(Data records)
****

(* Let $n\ge 3$ be an integer, $t\in(0,1)$, and let $l$ range over non-negative integers. (1) For $0<\alpha<n$, the quantity $\frac{\Gamma(l+\frac{n-\alpha}2)^2}{\Gamma(l+\frac n2)^2}F\big(l+\frac{n+\alpha}2-1,\frac\alpha2;l+\frac n2;t\big)^2$ is strictly decreasing in $l$. (2) For $\alpha\le0$, the quantity $\frac{\Gamma(l+\frac{n-\alpha}2)^2}{\Gamma(l+\frac n2)^2}t^l F\big(l+\frac{n+\alpha}2-1,\frac\alpha2;l+\frac n2;t\big)^2$ is strictly decreasing in $l$.
   Context: $F(a,b;c;z)=\sum_{r\ge0}\frac{(a)_r(b)_r}{(c)_r}\frac{z^r}{r!}$ for $|z|<1$ is the Gauss hypergeometric function, where $(a)_0=1$ and $(a)_r=a(a+1)\cdots(a+r-1)$. *)

From Stdlib Require Import Reals Factorial.
From Coquelicot Require Import Coquelicot.
Open Scope R_scope.

Fixpoint poch (a : R) (r : nat) : R :=
  match r with
  | O => 1
  | S k => poch a k * (a + INR k)
  end.

Definition hyp2F1 (a b c z : R) : R :=
  Series (fun r => poch a r * poch b r / poch c r * z ^ r / INR (fact r)).

Definition Gamma (x : R) : R :=
  RInt_gen (fun s => Rpower s (x - 1) * exp (- s)) (at_right 0) (Rbar_locally p_infty).

(** Write [c = l + n/2] and [b = alpha/2].  By [Gamma (x + 1) = x Gamma x],
    consecutive terms decrease as soon as
    [(c - b)^2 F(c+b, b; c+1; t)^2 < c^2 F(c+b-1, b; c; t)^2],
    with an extra factor [t] on the left in part (2).  For [b >= 1/2] both series have
    positive coefficients, which compare termwise by the contiguous relation
    [(a+1)_r / (c+1)_r * a (c+r) = (a)_r / (c)_r * c (a+r)].  Otherwise Euler's
    transformation [F(a,b;c;t) = (1-t)^(c-a-b) F(c-a,c-b;c;t)] turns both sides into series
    with positive coefficients.  For [0 < b < 1] these again compare termwise.  For [b <= 0],
    write [c F(c-b,1-b;c;t) = c sum p_r t^r] and [(c-b) F(c-b+1,1-b;c+1;t) = c sum w_r t^r];
    then [w_r^2 <= p_r p_(r+1)], and AM-GM summed over [r] gives
    [sqrt t * sum w_r t^r <= sum p_r t^r - 1/2].  Euler's transformation follows from the
    hypergeometric differential equation, the recurrence of [Gamma] from integration by
    parts. *)

From Stdlib Require Import Reals Factorial Lra Lia Psatz.
From Coquelicot Require Import Coquelicot.
Open Scope R_scope.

****

■ **Task description**
In the data above, find the line that contains "Series (fun r" and the line that contains "[(a+1)_r / (c+1)_r". Repeat exactly those lines and every line between them, and only those.

■ **Response for this exercise**
  Series (fun r => poch a r * poch b r / poch c r * z ^ r / INR (fact r)).

Definition Gamma (x : R) : R :=
  RInt_gen (fun s => Rpower s (x - 1) * exp (- s)) (at_right 0) (Rbar_locally p_infty).

(** Write [c = l + n/2] and [b = alpha/2].  By [Gamma (x + 1) = x Gamma x],
    consecutive terms decrease as soon as
    [(c - b)^2 F(c+b, b; c+1; t)^2 < c^2 F(c+b-1, b; c; t)^2],
    with an extra factor [t] on the left in part (2).  For [b >= 1/2] both series have
    positive coefficients, which compare termwise by the contiguous relation
    [(a+1)_r / (c+1)_r * a (c+r) = (a)_r / (c)_r * c (a+r)].  Otherwise Euler's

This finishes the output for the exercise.